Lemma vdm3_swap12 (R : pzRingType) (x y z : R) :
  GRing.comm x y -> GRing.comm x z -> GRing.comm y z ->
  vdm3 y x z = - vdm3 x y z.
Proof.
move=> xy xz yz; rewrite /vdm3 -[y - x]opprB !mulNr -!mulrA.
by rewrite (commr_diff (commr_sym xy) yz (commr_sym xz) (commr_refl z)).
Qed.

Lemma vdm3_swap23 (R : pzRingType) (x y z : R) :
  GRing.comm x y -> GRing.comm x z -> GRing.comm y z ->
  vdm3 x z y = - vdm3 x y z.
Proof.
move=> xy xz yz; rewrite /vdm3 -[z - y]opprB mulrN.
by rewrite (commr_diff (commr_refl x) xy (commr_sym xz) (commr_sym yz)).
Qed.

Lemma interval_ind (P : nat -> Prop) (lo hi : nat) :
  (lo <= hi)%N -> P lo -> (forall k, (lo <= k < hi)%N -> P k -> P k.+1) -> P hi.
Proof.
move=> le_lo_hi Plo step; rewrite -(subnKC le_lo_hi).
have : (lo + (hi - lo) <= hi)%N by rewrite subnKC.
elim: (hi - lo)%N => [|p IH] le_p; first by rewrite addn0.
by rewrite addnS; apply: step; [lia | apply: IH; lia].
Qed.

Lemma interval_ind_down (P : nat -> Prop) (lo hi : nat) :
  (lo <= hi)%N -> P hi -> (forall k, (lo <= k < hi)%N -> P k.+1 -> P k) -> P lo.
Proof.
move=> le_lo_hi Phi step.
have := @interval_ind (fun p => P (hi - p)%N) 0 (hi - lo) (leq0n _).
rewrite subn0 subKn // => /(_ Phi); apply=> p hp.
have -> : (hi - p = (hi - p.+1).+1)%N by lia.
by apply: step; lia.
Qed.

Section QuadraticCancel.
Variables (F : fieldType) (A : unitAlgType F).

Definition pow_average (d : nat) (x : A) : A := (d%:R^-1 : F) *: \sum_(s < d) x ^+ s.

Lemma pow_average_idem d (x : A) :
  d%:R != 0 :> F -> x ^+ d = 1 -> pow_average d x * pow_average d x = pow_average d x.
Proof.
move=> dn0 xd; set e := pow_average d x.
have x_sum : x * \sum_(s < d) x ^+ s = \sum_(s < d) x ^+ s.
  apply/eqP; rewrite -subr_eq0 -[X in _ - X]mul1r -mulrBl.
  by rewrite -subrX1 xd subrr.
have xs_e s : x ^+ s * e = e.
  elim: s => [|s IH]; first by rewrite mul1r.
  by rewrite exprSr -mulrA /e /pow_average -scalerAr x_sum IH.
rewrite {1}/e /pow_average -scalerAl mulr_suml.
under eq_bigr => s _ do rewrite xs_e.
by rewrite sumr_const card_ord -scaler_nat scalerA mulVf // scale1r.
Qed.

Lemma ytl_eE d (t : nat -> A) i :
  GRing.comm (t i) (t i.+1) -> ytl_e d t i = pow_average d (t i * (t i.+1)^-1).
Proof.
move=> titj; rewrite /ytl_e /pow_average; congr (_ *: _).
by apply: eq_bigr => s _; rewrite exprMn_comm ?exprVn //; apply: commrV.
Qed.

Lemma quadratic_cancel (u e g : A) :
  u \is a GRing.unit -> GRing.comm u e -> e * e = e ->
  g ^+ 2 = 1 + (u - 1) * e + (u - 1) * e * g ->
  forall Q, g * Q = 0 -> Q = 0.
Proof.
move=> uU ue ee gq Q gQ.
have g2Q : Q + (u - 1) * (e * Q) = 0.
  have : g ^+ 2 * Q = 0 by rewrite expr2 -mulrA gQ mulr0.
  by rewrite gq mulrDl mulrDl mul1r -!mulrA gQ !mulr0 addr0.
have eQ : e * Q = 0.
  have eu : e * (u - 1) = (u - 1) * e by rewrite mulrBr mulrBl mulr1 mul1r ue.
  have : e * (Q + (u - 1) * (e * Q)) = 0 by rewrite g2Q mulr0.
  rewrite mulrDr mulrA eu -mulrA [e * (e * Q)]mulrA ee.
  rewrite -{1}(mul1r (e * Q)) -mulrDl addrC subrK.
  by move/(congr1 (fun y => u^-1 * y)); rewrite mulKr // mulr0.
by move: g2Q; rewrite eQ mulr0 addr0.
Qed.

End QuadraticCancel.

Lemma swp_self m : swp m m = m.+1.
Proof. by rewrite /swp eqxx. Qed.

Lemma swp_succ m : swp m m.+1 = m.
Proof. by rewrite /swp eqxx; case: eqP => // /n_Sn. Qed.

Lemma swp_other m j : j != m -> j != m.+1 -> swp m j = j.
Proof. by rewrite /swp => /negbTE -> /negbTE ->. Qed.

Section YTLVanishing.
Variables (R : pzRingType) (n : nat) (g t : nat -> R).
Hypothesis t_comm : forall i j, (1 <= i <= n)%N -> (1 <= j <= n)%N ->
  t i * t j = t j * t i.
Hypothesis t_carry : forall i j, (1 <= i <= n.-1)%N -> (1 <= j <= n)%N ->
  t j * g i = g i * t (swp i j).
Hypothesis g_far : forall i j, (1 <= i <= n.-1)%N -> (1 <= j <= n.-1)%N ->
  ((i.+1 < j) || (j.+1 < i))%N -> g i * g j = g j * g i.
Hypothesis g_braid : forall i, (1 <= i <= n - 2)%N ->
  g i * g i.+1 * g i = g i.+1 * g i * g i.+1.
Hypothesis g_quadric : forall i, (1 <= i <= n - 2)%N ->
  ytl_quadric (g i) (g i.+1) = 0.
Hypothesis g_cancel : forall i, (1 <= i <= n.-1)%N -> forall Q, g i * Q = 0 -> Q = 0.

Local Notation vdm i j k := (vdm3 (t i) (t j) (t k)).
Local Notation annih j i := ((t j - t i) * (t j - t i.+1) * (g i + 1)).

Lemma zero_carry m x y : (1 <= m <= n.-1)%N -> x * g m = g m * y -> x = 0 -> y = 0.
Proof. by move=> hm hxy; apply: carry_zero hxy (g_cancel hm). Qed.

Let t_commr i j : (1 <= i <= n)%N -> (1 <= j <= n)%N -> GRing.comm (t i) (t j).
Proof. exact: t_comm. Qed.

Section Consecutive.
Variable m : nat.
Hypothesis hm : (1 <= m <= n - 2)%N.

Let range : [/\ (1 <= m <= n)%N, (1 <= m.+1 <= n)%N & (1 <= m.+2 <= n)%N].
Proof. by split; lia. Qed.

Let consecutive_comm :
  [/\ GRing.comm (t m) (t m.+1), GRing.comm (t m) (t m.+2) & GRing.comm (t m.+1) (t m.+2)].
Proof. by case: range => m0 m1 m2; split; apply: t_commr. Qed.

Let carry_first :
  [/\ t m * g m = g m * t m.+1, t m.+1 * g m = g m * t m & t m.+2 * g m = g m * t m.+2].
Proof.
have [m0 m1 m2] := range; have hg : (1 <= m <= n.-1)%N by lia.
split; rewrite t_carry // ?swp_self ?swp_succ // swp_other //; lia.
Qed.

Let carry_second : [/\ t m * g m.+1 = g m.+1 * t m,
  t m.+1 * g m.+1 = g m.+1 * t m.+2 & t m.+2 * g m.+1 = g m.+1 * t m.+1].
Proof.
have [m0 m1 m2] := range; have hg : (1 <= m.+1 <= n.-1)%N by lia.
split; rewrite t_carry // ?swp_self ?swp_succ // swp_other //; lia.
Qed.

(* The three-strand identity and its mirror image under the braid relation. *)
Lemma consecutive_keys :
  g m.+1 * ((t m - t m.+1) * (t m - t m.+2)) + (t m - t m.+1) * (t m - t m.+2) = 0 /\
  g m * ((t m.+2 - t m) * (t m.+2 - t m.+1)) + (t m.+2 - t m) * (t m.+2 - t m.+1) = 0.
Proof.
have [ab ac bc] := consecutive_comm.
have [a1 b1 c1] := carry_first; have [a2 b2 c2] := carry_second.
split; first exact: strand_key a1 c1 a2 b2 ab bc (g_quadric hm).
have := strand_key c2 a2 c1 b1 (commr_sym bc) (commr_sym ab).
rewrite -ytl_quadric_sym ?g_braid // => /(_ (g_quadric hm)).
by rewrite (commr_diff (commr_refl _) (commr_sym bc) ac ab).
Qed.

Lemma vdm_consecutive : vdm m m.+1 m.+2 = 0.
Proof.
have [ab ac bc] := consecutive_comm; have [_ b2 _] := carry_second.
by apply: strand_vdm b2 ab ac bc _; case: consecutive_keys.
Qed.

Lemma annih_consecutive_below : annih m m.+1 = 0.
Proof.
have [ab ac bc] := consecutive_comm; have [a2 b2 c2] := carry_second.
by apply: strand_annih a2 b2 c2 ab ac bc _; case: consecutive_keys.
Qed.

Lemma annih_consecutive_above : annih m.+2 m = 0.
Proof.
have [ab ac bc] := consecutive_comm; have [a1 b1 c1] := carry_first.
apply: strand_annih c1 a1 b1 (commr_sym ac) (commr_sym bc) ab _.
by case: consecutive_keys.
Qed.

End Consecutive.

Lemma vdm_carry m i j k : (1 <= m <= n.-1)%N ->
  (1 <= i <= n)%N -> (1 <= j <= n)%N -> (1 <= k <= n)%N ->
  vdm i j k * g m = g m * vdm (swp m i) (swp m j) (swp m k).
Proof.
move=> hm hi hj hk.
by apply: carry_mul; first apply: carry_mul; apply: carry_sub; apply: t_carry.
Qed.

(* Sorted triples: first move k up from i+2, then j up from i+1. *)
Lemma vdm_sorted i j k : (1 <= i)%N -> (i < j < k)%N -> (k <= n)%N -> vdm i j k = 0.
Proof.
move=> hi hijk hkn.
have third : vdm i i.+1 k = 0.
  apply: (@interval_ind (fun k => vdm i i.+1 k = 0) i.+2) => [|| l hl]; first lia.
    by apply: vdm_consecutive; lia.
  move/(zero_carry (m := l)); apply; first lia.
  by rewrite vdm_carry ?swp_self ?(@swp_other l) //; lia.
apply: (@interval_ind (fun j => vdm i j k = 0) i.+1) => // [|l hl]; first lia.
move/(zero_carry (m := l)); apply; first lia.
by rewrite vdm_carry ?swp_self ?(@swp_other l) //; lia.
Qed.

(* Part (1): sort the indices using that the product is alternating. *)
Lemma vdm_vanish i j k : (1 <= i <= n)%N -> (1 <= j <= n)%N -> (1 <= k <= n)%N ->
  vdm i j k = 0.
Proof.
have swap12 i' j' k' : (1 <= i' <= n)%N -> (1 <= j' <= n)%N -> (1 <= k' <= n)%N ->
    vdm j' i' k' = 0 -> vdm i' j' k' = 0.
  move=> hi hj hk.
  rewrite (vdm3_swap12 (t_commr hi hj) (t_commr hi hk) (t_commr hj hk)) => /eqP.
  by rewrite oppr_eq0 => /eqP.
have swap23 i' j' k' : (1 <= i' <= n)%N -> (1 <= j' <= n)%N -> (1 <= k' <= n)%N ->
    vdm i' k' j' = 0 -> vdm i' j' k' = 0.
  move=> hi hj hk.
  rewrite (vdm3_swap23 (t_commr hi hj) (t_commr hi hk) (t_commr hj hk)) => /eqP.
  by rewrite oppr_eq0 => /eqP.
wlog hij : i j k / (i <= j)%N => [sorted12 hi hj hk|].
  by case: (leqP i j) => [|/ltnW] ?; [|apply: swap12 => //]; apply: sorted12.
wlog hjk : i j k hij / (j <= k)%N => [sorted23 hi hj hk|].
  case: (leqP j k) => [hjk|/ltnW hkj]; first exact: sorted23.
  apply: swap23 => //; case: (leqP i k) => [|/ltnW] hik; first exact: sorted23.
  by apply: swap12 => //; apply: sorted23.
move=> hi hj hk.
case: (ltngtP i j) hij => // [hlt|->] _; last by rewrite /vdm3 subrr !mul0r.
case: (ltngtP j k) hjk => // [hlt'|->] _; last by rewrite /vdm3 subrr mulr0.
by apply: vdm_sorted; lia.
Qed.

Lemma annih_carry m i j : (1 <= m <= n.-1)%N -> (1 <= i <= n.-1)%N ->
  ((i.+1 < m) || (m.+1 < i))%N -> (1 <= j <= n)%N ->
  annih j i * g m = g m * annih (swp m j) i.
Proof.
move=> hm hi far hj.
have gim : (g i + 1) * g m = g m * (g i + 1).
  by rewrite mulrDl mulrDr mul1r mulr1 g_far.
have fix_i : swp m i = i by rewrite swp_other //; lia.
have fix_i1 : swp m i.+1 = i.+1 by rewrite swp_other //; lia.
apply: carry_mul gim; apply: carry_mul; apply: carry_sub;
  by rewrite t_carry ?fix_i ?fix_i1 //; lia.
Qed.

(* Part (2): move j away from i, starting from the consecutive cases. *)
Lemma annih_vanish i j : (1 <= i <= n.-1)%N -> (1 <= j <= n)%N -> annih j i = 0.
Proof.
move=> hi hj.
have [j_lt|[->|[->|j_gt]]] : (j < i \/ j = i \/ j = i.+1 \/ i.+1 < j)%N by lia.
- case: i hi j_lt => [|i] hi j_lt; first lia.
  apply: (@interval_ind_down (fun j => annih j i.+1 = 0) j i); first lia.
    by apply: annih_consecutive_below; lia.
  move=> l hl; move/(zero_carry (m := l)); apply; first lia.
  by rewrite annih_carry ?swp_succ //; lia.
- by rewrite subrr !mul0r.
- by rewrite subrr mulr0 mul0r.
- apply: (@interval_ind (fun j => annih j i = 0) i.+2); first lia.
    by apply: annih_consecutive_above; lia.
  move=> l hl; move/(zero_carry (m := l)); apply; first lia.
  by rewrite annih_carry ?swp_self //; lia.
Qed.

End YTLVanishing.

- - - - - - -

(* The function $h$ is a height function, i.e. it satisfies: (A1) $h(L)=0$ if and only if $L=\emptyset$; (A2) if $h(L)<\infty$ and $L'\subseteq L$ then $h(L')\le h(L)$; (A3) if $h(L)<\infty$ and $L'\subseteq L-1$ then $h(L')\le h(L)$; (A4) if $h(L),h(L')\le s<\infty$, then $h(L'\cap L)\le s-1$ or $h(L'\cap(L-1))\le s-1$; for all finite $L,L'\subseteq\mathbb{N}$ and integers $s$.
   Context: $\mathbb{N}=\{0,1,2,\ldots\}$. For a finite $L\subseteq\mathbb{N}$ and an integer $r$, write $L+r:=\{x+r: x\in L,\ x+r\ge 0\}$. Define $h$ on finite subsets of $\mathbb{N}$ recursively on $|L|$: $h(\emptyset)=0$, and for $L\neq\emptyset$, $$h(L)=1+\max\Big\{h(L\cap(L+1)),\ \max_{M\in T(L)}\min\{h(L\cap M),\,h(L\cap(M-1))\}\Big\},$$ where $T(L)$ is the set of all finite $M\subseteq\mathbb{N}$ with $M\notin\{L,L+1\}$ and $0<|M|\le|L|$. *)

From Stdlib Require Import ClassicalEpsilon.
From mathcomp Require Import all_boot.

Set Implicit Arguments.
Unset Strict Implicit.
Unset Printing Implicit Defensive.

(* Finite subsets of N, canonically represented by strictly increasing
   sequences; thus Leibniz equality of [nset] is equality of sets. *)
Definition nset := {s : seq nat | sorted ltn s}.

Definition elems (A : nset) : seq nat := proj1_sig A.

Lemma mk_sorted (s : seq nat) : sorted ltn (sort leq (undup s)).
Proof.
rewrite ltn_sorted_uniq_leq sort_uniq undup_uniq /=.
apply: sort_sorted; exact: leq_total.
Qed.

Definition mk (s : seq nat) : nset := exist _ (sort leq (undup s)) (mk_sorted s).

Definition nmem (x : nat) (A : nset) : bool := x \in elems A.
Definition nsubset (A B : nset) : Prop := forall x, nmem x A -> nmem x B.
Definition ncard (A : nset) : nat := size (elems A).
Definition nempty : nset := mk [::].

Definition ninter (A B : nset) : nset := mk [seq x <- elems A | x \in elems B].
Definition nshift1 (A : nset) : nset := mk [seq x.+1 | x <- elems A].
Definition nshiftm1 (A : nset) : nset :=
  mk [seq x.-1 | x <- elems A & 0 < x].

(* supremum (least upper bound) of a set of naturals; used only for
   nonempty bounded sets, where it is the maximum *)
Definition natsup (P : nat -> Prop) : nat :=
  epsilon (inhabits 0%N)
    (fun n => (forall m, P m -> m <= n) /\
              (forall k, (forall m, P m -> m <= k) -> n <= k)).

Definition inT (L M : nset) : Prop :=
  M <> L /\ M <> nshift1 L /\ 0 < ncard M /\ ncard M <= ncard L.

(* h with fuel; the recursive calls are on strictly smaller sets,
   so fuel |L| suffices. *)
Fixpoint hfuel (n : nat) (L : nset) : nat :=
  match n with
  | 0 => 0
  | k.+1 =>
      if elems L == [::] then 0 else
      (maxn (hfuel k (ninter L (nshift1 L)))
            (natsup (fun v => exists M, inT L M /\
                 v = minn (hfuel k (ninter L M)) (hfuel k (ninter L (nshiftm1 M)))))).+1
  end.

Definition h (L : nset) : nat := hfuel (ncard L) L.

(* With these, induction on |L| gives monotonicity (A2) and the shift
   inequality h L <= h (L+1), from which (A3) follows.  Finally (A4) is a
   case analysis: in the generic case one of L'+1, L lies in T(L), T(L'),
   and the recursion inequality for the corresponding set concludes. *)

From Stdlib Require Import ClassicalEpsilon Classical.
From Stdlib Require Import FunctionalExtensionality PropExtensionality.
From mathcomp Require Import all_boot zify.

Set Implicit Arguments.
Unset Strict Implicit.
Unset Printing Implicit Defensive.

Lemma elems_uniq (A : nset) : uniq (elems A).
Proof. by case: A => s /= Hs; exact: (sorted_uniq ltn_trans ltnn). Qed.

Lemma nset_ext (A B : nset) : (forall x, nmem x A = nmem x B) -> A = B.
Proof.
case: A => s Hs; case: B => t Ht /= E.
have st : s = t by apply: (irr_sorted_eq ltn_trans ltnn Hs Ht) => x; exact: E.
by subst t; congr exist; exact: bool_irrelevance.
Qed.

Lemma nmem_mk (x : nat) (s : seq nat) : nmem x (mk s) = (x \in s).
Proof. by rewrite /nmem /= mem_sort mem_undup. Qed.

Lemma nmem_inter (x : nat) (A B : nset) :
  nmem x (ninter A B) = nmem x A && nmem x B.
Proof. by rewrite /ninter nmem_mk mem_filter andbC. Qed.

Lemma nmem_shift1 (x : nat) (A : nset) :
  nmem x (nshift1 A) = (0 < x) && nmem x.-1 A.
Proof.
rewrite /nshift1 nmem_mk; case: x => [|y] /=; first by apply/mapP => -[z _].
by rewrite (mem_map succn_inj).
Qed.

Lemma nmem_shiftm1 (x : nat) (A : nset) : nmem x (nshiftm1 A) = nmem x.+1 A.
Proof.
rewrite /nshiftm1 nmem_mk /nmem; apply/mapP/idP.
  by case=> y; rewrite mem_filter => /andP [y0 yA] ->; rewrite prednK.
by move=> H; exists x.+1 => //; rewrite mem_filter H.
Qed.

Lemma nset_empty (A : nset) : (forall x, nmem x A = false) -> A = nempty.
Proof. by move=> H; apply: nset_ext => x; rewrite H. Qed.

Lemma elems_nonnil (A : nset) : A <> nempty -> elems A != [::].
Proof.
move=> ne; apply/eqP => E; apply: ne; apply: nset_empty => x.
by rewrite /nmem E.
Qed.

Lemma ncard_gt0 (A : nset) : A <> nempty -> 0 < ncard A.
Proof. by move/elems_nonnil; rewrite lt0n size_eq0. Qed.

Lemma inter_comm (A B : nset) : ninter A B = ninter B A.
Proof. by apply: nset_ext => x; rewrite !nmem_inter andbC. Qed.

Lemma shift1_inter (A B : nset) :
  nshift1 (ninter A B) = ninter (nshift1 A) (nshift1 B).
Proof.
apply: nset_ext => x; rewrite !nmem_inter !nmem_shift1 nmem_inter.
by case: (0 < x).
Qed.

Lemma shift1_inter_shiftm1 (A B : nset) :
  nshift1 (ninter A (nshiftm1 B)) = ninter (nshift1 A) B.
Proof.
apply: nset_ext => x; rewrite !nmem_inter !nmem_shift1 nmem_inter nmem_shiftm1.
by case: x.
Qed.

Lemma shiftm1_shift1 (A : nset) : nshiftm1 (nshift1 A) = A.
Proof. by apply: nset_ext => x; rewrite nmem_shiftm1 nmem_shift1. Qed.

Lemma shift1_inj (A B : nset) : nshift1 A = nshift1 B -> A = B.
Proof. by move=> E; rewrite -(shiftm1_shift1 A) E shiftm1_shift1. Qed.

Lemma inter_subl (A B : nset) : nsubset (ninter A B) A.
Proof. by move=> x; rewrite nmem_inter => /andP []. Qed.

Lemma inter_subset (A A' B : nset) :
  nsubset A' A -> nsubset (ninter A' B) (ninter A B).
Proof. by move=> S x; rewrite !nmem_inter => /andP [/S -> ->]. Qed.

- - - - - - -

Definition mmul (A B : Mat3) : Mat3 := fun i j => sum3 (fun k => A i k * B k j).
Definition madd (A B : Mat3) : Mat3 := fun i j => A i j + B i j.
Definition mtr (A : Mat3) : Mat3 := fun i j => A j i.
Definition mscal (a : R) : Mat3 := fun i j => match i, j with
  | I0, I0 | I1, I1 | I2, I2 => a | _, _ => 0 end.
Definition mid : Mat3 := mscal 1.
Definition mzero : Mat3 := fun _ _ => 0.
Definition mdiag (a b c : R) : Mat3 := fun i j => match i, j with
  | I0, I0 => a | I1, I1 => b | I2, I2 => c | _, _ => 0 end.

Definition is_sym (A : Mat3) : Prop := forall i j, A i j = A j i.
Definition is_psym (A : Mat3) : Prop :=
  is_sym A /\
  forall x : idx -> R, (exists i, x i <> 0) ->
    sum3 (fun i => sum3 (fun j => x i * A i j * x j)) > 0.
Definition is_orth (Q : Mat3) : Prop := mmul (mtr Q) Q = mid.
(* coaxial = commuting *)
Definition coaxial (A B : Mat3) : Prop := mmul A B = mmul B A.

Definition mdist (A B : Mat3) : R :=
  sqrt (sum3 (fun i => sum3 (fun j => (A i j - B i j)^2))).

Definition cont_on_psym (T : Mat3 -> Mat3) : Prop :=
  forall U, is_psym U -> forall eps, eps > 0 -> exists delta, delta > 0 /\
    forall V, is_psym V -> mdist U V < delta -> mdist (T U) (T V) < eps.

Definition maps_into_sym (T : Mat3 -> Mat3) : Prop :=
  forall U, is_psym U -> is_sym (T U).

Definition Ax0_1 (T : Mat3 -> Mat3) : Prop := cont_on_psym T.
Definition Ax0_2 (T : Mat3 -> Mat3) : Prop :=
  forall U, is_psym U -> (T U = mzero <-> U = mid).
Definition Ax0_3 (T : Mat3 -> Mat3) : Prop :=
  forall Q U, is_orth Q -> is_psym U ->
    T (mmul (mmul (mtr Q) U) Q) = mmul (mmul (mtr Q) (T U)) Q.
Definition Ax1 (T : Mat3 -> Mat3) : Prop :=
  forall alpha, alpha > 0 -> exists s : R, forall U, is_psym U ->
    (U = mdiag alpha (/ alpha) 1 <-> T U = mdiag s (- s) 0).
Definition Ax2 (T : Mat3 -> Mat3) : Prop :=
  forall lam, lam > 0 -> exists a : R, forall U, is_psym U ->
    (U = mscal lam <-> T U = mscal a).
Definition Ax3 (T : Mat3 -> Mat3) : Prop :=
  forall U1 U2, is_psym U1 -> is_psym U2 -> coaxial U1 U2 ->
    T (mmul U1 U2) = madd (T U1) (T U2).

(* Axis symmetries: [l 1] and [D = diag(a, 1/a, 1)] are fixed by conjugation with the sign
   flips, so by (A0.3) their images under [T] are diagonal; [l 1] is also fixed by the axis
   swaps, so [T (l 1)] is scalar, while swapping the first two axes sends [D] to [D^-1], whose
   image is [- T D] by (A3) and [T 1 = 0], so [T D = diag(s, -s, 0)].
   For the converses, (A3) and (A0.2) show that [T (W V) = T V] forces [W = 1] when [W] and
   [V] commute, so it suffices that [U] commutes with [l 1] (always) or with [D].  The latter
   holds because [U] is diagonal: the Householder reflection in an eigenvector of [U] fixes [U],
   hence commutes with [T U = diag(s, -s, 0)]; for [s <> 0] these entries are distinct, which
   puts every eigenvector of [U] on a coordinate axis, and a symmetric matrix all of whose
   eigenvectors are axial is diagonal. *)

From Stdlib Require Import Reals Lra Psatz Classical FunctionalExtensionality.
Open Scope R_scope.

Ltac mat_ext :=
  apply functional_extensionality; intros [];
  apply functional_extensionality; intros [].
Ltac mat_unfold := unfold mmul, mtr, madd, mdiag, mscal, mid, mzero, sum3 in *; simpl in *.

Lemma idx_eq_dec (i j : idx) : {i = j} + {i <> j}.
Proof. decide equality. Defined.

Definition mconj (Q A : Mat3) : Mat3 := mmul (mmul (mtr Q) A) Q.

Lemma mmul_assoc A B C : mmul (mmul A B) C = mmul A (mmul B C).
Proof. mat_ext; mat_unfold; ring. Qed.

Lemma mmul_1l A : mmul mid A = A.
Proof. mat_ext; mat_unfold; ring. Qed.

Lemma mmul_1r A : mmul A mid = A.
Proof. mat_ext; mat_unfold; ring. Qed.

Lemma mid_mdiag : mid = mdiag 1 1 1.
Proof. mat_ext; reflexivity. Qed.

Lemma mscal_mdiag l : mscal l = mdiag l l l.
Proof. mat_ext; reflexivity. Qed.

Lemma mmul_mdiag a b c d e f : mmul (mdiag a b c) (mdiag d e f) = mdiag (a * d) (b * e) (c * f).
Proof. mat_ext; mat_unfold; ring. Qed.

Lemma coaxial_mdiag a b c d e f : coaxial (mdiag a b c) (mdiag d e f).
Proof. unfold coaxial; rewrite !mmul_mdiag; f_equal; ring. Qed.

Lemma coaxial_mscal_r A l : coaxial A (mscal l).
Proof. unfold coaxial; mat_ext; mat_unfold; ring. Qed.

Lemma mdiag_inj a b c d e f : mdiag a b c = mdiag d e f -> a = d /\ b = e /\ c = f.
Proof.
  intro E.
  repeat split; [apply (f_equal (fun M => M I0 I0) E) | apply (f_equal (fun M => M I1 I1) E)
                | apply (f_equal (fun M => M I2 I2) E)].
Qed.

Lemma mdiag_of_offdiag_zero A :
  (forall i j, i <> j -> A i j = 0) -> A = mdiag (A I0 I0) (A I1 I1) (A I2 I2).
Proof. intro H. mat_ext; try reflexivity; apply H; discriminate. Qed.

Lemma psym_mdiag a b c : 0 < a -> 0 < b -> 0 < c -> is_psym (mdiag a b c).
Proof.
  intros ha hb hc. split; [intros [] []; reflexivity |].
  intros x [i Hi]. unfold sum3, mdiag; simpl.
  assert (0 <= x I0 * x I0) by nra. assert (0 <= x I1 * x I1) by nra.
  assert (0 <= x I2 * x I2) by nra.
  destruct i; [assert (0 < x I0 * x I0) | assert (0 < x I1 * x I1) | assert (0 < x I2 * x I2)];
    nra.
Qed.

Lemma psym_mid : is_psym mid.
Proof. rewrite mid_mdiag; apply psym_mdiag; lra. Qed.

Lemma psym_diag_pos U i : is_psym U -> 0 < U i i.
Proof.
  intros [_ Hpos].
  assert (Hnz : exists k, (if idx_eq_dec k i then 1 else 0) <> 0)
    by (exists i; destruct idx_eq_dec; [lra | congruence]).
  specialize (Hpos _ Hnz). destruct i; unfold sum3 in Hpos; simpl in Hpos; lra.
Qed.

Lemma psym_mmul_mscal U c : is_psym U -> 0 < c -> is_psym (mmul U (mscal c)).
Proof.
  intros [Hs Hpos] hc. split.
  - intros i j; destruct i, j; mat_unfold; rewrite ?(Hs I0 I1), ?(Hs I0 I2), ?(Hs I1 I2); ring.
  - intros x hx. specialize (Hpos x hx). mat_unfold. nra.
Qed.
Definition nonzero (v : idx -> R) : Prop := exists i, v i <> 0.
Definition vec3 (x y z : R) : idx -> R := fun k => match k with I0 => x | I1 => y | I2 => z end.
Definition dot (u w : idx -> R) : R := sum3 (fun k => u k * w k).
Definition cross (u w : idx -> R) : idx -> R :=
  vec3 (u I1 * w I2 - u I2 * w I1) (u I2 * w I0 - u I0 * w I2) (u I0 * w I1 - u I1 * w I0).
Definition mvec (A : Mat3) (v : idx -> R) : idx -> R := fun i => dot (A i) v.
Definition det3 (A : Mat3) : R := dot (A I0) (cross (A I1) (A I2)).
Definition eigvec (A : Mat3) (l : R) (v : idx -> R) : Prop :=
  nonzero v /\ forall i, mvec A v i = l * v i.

- - - - - - -

#### Work instruction:
Reproduce the lines above, beginning at the line with "Lemma vdm3_swap12 (R" and stopping after the line with "move=> xy xz yz; rewrite /vdm3 -[z", exactly as they are.

#### Output:
Lemma vdm3_swap12 (R : pzRingType) (x y z : R) :
  GRing.comm x y -> GRing.comm x z -> GRing.comm y z ->
  vdm3 y x z = - vdm3 x y z.
Proof.
move=> xy xz yz; rewrite /vdm3 -[y - x]opprB !mulNr -!mulrA.
by rewrite (commr_diff (commr_sym xy) yz (commr_sym xz) (commr_refl z)).
Qed.

Lemma vdm3_swap23 (R : pzRingType) (x y z : R) :
  GRing.comm x y -> GRing.comm x z -> GRing.comm y z ->
  vdm3 x z y = - vdm3 x y z.
Proof.
move=> xy xz yz; rewrite /vdm3 -[z - y]opprB mulrN.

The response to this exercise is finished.